■ **What to work on**:
Go over the entries below line by line, copying each one that contains the word "starting".

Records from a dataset
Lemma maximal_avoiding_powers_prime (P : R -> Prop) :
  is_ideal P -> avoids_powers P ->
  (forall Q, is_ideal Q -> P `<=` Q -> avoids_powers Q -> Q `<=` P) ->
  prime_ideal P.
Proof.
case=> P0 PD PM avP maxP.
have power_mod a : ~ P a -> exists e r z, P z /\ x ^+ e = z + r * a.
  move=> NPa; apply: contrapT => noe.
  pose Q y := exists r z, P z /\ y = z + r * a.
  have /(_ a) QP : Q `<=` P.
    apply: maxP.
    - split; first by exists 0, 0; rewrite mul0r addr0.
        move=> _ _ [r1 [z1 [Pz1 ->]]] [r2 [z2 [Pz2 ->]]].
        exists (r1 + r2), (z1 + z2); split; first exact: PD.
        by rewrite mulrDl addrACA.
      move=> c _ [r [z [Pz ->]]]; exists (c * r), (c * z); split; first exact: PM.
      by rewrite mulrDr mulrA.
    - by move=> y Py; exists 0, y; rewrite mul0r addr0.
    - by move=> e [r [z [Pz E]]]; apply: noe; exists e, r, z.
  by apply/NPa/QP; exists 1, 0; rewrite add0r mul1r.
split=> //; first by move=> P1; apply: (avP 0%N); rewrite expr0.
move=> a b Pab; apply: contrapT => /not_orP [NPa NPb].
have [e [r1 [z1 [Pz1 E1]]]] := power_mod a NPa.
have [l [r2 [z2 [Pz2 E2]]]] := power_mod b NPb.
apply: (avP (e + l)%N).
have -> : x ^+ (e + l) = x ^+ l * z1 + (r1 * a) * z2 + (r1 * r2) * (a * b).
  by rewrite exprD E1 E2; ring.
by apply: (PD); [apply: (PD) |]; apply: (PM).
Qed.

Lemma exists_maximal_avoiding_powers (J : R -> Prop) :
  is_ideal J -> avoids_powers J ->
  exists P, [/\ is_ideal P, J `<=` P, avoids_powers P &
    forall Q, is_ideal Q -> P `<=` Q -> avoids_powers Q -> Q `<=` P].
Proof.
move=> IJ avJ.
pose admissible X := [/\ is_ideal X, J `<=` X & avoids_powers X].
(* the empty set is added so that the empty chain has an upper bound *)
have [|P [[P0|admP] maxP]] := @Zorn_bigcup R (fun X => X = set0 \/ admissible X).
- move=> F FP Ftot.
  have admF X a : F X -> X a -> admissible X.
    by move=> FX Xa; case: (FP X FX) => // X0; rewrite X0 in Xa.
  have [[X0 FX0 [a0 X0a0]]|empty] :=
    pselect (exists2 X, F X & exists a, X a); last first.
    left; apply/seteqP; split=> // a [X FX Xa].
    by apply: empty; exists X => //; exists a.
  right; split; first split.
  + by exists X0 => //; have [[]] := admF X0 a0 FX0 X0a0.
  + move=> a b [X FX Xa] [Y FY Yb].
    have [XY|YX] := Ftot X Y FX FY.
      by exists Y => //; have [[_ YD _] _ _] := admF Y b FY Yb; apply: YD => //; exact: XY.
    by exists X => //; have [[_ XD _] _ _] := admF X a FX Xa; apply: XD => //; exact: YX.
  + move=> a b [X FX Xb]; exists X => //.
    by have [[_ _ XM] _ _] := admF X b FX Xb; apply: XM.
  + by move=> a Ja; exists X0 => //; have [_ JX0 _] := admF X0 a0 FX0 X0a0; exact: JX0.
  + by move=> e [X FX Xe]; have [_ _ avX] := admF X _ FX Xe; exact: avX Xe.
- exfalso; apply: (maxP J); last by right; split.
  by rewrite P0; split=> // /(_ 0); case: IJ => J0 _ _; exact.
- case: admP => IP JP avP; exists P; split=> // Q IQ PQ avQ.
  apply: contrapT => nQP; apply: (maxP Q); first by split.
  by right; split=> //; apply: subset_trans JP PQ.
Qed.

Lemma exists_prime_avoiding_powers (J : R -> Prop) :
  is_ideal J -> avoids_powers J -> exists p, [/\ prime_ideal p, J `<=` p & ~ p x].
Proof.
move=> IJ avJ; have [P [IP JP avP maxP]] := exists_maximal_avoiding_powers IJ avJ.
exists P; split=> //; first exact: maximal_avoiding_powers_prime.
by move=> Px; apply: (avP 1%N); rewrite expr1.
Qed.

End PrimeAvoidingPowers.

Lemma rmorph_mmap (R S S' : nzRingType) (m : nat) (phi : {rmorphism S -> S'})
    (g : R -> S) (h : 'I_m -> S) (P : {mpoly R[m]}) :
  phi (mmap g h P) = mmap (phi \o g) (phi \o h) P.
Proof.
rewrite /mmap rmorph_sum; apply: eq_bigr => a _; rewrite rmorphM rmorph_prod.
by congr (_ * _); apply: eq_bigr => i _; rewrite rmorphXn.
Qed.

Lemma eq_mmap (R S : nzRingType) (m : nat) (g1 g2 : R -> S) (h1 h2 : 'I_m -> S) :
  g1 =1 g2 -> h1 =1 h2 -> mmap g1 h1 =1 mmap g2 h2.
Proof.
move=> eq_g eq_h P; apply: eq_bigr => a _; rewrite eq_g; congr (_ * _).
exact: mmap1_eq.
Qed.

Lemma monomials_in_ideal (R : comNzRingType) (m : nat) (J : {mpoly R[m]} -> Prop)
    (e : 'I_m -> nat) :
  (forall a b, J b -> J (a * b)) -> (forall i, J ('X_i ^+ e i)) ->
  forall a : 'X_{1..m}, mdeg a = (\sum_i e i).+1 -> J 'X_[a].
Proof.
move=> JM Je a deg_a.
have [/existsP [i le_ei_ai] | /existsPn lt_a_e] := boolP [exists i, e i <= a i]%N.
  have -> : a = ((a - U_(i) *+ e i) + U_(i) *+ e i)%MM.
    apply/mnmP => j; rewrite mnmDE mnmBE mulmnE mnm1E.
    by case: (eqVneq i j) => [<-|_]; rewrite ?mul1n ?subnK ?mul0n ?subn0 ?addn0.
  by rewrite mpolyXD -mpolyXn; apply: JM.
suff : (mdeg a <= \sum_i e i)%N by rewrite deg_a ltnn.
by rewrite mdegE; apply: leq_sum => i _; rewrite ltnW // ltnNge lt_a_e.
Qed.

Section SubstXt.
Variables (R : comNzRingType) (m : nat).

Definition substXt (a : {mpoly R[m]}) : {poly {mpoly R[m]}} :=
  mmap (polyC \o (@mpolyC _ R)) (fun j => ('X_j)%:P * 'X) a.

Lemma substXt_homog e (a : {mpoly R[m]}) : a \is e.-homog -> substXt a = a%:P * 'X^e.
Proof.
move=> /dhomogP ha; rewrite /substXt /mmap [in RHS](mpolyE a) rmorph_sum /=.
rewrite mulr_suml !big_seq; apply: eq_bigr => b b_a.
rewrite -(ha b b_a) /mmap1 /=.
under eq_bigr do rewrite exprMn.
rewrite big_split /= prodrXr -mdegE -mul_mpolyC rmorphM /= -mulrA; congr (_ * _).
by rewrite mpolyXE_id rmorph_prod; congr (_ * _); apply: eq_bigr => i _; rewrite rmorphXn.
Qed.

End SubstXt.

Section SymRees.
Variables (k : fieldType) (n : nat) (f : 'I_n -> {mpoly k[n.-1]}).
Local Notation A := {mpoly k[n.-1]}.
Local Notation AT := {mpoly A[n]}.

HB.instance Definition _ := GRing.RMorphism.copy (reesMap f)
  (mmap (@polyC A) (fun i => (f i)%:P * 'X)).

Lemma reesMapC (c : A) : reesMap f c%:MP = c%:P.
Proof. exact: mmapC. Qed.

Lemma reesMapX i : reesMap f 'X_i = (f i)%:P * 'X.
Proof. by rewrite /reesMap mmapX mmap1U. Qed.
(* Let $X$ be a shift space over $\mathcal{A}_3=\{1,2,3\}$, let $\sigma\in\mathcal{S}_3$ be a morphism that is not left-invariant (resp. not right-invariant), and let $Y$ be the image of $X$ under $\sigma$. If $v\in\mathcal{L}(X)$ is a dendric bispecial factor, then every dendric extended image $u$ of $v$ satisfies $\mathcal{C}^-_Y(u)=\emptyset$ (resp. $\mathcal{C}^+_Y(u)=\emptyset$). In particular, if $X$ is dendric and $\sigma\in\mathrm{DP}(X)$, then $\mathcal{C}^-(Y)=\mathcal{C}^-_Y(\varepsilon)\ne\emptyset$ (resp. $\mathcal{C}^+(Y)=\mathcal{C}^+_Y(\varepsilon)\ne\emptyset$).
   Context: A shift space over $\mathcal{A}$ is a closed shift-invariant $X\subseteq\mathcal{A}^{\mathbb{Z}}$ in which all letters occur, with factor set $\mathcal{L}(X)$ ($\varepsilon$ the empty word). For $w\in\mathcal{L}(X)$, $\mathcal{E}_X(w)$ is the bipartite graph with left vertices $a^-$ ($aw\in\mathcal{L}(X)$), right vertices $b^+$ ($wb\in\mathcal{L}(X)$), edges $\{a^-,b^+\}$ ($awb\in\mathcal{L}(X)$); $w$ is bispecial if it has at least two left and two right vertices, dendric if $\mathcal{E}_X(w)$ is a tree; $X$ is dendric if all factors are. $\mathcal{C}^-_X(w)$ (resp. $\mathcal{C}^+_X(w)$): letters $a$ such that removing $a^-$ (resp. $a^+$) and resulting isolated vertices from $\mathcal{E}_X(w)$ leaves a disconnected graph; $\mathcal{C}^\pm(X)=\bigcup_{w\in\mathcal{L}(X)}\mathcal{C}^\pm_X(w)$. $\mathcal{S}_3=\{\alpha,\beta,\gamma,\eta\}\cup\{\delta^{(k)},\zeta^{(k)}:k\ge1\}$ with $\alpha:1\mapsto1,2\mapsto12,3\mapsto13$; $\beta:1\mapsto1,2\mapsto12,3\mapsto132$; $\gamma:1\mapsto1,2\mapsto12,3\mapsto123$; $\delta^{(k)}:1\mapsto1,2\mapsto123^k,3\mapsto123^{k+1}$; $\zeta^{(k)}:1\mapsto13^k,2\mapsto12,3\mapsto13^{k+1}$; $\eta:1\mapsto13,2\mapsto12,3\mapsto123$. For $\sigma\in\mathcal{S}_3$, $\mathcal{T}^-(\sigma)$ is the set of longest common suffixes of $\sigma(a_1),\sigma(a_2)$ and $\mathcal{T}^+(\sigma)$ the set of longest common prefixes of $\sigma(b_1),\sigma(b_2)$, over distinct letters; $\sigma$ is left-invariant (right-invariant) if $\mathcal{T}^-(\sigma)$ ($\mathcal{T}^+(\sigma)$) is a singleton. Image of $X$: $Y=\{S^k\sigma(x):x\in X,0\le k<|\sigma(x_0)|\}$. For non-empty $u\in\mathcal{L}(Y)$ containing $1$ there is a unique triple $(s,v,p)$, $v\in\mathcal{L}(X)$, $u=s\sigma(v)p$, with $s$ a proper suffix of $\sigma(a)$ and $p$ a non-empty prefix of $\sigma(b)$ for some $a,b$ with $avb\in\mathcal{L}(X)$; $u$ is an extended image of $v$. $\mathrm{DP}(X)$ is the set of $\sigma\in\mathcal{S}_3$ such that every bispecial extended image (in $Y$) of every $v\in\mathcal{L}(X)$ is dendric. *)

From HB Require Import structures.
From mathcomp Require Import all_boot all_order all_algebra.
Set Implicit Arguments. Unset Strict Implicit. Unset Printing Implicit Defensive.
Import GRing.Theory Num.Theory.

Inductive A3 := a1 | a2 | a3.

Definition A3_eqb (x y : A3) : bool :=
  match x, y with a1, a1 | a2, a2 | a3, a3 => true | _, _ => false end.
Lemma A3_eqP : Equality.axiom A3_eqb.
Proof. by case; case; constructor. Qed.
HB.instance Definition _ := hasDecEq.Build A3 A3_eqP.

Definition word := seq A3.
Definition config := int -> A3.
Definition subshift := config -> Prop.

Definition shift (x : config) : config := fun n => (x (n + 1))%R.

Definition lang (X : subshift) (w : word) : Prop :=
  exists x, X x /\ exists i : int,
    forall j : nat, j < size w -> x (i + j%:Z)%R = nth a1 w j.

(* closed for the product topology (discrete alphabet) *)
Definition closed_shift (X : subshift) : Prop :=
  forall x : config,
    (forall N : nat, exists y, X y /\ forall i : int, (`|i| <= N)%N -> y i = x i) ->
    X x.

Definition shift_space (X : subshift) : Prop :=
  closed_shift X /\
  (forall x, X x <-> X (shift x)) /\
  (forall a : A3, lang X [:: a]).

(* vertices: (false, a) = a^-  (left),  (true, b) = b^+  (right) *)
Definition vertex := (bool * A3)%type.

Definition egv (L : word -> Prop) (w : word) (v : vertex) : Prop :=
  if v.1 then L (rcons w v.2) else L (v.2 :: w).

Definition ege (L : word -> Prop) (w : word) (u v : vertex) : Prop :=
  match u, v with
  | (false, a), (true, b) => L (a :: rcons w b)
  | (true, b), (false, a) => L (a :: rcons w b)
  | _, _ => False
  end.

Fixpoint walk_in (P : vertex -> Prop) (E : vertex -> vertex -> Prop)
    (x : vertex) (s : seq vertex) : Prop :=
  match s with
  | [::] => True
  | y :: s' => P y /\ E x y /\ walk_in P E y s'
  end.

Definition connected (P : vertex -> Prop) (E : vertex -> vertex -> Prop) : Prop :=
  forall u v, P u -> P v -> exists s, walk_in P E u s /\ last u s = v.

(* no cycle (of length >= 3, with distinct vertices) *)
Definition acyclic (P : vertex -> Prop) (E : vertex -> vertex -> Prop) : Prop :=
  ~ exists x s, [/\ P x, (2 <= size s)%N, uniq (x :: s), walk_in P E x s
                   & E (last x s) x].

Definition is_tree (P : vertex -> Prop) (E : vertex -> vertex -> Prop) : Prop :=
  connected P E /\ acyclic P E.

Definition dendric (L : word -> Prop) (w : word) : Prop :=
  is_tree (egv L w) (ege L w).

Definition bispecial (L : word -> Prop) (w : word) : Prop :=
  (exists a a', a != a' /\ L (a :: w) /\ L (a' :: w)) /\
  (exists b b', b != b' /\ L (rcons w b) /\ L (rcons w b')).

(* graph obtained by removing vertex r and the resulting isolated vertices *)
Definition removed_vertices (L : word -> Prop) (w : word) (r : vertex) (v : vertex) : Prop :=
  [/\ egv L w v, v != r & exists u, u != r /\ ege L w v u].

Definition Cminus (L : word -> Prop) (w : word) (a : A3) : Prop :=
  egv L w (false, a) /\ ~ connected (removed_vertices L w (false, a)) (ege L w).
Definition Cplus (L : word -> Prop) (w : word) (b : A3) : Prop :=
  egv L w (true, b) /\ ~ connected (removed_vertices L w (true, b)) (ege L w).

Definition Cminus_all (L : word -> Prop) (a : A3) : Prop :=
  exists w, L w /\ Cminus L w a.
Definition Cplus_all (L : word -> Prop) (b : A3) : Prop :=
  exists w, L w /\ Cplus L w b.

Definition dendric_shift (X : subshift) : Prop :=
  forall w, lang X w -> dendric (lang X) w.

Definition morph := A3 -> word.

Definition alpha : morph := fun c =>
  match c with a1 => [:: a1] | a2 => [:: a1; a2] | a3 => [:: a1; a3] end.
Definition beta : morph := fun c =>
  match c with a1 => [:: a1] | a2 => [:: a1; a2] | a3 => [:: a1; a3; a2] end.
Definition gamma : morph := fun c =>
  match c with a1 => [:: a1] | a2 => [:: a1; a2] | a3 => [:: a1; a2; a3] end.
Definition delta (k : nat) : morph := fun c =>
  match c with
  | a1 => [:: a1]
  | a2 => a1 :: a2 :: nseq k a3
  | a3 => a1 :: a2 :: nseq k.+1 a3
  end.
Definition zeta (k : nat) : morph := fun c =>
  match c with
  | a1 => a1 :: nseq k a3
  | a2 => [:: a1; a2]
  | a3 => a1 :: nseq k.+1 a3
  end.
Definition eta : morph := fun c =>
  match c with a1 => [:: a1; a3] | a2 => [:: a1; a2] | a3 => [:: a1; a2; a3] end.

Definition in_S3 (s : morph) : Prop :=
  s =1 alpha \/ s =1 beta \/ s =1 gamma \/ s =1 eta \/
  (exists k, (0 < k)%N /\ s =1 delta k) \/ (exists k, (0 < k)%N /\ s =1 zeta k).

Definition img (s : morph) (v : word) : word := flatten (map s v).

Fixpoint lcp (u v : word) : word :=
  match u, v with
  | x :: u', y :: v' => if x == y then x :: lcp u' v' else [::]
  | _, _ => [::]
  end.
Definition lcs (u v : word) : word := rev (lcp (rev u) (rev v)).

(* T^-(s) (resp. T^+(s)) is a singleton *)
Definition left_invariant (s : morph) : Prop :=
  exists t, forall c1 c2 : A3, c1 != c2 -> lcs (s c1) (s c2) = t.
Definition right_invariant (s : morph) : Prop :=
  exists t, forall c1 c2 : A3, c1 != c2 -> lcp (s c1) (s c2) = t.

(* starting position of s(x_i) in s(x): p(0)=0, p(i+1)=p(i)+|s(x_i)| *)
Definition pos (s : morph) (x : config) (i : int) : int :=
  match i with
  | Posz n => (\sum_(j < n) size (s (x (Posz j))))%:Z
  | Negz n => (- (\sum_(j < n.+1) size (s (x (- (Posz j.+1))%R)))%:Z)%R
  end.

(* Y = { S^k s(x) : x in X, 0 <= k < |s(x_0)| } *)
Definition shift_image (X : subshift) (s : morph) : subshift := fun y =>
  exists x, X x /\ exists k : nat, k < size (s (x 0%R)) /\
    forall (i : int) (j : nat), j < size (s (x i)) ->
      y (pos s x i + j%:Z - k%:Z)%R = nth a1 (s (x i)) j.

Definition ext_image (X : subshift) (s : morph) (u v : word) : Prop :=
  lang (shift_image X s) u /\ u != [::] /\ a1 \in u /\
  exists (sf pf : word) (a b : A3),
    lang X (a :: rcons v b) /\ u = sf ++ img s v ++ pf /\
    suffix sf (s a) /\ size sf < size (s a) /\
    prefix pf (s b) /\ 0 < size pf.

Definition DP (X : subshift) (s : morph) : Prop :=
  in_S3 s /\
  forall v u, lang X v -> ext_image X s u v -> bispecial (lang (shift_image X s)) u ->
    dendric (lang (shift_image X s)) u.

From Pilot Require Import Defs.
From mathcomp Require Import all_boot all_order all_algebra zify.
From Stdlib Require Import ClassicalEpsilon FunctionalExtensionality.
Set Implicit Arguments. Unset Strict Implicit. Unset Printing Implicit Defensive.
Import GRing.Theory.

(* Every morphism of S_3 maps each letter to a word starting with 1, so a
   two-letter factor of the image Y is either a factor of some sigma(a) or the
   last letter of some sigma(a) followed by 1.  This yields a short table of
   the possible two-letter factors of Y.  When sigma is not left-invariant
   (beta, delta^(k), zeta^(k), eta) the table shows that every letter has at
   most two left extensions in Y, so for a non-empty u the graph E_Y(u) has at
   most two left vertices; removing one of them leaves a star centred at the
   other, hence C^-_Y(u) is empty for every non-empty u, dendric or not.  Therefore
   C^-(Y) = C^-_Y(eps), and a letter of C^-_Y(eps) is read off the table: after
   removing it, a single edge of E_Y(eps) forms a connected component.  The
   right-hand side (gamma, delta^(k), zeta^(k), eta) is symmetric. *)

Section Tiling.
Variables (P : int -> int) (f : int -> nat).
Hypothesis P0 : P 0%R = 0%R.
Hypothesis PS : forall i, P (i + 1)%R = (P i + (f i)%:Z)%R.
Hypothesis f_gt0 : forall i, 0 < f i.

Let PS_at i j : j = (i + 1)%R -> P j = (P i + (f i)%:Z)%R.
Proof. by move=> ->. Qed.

■ **Solution to this task**:
(* starting position of s(x_i) in s(x): p(0)=0, p(i+1)=p(i)+|s(x_i)| *)
(* Every morphism of S_3 maps each letter to a word starting with 1, so a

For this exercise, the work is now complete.